DESCRIPTION OF THE TASK: For the listing below, show each line that includes the string "truncated".

EXTRACTED INFORMATION:

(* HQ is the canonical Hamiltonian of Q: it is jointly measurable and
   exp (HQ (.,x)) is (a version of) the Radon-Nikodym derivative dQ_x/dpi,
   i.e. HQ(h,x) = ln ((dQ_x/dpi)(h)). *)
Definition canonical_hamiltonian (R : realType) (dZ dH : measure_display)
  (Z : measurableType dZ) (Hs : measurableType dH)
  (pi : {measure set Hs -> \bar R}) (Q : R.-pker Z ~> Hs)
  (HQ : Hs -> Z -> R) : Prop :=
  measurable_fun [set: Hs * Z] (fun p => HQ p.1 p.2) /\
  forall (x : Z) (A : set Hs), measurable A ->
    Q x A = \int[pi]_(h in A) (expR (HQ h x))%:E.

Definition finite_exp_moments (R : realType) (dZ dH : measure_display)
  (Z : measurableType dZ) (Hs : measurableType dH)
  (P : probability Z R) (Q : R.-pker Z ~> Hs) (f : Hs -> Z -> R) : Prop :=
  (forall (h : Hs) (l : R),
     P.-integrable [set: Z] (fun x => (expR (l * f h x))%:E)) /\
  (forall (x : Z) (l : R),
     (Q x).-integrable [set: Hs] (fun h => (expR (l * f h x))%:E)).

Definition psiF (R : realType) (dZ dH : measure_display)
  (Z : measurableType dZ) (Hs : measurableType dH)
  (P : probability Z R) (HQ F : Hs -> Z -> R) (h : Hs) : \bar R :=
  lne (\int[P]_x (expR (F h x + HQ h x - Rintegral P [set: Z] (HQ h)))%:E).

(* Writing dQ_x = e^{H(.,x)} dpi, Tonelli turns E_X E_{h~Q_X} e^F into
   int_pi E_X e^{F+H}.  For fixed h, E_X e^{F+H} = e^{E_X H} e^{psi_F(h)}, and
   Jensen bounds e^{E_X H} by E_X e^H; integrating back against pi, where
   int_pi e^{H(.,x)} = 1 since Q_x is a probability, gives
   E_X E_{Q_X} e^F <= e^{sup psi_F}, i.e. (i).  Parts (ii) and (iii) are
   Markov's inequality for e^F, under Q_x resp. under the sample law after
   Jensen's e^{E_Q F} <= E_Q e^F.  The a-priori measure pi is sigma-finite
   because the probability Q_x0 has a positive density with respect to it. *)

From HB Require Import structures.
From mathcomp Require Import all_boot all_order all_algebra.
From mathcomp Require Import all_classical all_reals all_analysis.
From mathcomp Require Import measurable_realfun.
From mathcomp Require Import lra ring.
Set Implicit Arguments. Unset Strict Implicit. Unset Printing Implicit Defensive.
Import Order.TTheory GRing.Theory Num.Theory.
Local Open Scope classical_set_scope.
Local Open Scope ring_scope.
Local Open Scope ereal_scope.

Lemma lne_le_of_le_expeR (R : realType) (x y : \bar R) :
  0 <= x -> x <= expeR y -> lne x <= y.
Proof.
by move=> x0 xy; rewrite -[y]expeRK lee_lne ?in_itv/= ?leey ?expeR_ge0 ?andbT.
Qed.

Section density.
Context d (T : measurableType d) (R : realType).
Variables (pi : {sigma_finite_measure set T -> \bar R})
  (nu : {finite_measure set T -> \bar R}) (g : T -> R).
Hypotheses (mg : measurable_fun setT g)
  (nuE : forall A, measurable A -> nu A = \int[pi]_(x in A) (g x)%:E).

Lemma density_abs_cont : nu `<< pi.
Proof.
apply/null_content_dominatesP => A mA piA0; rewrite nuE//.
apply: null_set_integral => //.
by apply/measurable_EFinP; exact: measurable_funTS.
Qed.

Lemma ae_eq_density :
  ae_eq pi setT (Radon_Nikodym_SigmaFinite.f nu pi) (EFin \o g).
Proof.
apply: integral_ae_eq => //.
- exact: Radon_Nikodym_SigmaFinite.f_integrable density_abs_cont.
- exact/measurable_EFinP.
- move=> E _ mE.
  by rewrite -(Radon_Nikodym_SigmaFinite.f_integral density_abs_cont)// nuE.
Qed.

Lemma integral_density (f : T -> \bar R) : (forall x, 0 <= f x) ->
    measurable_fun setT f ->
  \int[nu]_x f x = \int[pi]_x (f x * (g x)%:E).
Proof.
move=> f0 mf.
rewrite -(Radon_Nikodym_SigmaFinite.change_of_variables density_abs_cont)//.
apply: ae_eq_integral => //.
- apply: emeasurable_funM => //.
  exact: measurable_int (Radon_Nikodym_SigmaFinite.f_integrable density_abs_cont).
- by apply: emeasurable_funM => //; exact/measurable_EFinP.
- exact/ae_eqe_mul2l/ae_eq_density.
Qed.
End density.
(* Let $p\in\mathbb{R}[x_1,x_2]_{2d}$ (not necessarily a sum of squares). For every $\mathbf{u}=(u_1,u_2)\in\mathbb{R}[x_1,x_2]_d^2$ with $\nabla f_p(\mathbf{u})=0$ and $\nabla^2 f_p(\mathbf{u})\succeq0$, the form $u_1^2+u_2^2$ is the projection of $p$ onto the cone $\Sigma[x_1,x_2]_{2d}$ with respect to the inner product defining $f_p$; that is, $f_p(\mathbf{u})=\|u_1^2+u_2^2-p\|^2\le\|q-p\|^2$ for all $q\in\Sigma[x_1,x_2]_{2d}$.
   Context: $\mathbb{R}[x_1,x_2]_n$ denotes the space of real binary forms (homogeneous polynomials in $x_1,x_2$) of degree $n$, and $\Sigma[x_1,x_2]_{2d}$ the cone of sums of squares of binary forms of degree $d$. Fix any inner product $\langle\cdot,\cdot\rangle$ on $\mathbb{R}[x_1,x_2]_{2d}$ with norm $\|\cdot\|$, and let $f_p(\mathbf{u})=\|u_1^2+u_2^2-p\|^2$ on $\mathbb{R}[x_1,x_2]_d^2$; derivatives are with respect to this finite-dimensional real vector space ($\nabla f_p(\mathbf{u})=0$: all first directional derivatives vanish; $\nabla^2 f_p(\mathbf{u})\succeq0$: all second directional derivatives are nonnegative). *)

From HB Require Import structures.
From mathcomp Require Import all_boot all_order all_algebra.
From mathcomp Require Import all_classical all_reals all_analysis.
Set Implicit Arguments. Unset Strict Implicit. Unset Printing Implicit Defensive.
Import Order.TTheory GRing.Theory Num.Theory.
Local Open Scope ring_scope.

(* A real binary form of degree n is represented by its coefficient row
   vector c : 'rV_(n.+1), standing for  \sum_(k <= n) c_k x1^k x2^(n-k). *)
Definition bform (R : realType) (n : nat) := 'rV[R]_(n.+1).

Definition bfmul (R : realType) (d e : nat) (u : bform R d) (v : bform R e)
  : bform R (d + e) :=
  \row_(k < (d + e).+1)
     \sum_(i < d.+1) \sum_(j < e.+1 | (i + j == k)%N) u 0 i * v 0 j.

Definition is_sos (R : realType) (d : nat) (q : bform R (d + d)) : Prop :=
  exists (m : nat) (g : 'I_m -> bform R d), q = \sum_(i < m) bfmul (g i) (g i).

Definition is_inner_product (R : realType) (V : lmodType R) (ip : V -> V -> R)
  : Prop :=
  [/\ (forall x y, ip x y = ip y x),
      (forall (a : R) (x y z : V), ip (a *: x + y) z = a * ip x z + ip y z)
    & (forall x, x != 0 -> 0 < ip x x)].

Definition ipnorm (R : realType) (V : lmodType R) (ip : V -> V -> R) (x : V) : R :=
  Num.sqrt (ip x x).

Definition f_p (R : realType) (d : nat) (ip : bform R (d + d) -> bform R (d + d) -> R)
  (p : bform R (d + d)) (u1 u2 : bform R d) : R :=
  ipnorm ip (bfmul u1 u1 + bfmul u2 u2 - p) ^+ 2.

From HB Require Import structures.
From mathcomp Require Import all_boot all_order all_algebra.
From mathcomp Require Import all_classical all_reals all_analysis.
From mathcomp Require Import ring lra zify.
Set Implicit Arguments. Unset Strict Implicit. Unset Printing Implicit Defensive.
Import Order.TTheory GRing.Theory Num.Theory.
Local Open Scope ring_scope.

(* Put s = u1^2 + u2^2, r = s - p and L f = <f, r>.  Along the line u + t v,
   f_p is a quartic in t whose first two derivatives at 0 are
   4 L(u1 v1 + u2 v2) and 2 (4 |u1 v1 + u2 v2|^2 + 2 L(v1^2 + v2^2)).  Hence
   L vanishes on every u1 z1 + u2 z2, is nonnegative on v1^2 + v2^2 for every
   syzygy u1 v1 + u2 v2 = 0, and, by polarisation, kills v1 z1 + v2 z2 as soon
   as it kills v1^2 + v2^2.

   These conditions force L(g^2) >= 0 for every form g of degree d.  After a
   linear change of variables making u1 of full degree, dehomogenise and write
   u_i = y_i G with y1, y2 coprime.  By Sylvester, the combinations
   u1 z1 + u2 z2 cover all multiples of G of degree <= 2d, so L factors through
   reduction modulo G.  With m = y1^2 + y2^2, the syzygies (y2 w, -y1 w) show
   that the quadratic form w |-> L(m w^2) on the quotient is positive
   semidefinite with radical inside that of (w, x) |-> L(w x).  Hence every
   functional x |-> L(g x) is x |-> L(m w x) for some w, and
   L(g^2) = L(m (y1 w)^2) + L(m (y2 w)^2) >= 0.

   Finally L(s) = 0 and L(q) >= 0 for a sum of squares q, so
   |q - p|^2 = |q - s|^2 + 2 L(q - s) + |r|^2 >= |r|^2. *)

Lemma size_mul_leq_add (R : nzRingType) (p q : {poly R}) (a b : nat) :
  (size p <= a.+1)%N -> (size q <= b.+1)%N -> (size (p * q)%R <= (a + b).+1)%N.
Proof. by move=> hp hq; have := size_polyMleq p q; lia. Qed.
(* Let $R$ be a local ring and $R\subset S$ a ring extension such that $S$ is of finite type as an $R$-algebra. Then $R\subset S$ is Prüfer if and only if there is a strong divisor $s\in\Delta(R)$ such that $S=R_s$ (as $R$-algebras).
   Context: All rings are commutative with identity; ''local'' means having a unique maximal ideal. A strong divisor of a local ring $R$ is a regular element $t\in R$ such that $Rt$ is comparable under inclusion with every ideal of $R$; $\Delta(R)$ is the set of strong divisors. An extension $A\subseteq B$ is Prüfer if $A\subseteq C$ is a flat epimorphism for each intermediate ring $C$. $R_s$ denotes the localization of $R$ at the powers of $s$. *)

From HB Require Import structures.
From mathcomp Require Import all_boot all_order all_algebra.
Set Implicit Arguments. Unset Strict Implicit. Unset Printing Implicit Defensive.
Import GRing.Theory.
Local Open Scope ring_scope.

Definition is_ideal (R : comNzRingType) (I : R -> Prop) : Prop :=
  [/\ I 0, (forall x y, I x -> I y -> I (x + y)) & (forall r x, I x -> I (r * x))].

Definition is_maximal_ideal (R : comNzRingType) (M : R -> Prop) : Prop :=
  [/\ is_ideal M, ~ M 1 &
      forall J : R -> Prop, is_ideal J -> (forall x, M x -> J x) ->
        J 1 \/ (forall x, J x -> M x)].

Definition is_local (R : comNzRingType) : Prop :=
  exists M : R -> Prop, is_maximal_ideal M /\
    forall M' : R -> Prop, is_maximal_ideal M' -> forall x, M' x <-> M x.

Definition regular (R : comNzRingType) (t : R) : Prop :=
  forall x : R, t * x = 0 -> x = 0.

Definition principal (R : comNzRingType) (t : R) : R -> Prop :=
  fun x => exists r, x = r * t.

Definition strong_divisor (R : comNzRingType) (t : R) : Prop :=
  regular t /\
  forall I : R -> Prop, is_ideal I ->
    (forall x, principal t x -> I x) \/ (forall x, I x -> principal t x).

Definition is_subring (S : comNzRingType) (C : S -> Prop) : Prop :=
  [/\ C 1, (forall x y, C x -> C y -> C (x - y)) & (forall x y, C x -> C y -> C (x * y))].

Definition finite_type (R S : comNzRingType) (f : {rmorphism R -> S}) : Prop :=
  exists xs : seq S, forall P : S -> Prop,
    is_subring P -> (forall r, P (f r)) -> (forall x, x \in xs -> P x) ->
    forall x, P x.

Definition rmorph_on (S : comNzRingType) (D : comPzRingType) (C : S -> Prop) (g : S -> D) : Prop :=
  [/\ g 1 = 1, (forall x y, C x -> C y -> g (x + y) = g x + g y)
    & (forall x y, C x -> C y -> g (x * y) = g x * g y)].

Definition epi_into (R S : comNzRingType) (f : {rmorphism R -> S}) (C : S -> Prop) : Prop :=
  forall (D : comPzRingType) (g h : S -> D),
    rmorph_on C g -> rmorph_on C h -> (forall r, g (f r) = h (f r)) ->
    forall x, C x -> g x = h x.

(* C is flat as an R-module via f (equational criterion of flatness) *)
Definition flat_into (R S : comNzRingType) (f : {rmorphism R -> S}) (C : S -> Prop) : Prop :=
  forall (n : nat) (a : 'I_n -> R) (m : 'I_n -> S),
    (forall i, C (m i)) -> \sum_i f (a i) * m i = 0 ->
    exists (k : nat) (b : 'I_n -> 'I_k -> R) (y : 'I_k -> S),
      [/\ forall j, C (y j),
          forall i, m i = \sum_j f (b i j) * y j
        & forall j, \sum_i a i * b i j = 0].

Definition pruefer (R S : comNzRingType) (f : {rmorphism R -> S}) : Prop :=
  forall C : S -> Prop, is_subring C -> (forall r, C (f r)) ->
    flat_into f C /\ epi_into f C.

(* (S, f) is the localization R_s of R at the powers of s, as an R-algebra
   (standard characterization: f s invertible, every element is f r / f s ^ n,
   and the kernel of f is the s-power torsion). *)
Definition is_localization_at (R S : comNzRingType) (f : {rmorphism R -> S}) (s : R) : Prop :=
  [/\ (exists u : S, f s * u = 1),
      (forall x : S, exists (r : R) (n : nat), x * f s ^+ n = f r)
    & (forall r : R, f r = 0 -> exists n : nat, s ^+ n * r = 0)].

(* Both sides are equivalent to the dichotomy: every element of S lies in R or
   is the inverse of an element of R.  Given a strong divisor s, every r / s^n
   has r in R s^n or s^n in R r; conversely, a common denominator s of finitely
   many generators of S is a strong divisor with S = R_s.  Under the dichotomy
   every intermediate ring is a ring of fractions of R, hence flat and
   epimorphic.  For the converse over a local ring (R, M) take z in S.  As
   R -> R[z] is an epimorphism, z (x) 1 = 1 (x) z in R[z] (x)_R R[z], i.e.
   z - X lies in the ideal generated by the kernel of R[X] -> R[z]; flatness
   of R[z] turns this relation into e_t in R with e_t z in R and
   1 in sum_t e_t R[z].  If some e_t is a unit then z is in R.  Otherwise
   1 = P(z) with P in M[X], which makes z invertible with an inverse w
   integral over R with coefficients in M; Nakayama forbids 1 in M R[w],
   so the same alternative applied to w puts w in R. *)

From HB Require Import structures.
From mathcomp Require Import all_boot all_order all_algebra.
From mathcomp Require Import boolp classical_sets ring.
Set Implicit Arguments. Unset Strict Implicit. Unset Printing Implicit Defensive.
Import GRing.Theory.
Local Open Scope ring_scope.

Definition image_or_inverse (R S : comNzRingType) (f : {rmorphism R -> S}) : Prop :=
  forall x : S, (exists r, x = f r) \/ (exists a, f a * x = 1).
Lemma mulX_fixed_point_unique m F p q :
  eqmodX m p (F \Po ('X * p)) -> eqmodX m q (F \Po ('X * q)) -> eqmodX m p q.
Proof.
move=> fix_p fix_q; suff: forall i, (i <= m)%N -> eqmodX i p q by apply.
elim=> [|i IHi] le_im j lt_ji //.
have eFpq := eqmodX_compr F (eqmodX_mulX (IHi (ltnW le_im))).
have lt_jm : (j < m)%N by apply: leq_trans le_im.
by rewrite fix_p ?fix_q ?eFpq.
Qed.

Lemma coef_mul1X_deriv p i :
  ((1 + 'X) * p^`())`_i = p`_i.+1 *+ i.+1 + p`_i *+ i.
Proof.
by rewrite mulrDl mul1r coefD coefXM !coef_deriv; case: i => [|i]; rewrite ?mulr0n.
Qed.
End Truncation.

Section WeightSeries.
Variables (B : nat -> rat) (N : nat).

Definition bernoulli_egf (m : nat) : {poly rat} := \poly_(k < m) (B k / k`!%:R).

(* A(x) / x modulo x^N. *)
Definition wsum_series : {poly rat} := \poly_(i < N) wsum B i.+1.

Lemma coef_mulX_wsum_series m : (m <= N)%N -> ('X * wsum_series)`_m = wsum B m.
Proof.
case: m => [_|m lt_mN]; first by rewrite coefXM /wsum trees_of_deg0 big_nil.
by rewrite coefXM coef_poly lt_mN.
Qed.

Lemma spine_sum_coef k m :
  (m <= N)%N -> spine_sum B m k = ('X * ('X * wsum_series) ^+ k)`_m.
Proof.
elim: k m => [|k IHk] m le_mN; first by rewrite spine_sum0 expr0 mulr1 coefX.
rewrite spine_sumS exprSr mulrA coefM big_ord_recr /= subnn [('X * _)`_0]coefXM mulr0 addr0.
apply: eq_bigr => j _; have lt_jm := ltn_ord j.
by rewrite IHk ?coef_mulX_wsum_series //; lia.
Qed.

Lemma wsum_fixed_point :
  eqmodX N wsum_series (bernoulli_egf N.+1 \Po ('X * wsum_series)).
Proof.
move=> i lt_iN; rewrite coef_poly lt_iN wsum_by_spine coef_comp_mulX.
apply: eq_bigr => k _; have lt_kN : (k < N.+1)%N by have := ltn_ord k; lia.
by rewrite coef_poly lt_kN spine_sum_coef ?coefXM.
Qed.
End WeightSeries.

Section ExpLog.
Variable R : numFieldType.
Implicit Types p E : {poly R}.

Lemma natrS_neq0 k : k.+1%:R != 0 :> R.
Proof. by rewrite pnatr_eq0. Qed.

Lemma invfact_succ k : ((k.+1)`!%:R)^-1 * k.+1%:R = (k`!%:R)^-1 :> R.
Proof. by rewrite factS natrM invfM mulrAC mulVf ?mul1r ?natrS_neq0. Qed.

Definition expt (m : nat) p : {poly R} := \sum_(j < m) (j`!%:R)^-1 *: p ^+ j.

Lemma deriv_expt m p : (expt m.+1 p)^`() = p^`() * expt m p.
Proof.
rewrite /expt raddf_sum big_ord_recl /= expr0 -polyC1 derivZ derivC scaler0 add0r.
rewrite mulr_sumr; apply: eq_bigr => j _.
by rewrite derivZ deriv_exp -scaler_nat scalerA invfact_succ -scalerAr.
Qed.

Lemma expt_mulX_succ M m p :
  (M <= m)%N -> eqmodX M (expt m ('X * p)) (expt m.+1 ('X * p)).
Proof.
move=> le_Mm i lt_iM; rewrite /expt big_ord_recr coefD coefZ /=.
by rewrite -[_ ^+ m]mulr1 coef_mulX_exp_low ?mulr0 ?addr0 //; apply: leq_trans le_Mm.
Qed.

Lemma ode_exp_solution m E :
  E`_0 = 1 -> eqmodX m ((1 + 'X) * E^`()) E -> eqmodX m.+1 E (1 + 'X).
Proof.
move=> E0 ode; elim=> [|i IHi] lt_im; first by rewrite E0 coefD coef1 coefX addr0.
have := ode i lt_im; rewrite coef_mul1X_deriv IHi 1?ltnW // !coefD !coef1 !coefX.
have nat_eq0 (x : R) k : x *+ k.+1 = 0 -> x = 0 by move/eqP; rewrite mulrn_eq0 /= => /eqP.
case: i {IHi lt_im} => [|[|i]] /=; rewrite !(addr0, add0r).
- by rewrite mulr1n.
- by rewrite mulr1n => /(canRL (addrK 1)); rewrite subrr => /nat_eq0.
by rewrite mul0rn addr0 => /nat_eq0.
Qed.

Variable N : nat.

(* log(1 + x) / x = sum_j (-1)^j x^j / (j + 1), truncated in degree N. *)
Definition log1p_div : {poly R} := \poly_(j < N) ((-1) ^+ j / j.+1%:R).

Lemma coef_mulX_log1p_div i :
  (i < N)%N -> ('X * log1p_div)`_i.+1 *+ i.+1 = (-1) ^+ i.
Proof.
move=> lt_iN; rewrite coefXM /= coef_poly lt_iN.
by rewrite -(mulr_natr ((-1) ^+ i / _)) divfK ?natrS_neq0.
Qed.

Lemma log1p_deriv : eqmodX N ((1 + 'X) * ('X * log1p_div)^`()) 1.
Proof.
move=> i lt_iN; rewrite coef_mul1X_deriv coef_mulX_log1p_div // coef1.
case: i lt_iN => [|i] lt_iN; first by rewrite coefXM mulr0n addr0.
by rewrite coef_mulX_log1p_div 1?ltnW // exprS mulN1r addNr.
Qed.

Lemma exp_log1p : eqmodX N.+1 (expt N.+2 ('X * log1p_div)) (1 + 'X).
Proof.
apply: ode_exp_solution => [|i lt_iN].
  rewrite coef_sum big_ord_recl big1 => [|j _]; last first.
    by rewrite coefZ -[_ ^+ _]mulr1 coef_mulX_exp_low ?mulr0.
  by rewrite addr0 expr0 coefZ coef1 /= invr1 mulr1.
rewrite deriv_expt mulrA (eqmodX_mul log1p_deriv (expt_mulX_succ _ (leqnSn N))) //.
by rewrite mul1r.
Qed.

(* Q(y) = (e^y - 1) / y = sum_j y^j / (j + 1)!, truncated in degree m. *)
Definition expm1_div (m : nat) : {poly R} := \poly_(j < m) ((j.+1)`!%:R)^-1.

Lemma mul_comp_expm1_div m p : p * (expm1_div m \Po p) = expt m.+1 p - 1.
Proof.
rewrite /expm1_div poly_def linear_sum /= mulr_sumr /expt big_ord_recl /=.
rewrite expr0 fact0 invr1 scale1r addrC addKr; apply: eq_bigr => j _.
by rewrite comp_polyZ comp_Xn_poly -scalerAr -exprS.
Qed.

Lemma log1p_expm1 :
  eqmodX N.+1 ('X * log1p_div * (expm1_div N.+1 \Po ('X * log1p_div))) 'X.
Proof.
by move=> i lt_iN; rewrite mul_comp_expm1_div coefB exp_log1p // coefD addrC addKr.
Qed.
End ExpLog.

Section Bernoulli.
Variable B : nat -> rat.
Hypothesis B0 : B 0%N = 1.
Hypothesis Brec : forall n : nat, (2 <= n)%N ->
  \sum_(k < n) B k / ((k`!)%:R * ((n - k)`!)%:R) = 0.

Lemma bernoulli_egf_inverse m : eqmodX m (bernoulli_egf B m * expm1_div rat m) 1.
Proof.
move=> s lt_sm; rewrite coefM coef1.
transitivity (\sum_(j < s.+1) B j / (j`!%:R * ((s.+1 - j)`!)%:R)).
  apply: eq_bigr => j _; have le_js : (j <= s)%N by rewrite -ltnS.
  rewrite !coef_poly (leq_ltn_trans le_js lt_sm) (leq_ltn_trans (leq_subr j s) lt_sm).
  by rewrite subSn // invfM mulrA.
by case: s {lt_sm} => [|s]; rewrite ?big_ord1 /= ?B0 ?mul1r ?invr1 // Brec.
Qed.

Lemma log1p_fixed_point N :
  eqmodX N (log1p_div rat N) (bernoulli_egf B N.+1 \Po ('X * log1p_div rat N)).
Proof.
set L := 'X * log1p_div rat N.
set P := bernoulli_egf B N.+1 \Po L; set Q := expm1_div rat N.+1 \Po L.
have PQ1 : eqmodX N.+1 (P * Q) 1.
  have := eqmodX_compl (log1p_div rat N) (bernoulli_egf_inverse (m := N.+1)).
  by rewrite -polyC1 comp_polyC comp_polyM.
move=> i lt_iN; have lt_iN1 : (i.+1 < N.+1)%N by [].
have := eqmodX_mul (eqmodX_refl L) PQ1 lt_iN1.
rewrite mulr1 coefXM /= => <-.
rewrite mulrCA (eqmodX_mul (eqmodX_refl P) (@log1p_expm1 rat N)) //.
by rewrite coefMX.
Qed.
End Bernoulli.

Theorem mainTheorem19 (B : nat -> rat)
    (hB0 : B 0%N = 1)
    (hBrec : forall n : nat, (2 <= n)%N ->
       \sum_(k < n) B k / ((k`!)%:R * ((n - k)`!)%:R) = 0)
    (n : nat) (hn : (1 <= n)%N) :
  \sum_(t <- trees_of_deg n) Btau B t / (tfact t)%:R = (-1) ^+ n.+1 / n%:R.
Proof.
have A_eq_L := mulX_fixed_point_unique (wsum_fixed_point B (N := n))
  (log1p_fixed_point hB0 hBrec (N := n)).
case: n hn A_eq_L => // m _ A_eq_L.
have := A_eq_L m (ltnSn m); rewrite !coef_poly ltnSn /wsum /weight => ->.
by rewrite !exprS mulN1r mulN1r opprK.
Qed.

SOLUTION:
(* log(1 + x) / x = sum_j (-1)^j x^j / (j + 1), truncated in degree N. *)
(* Q(y) = (e^y - 1) / y = sum_j y^j / (j + 1)!, truncated in degree m. *)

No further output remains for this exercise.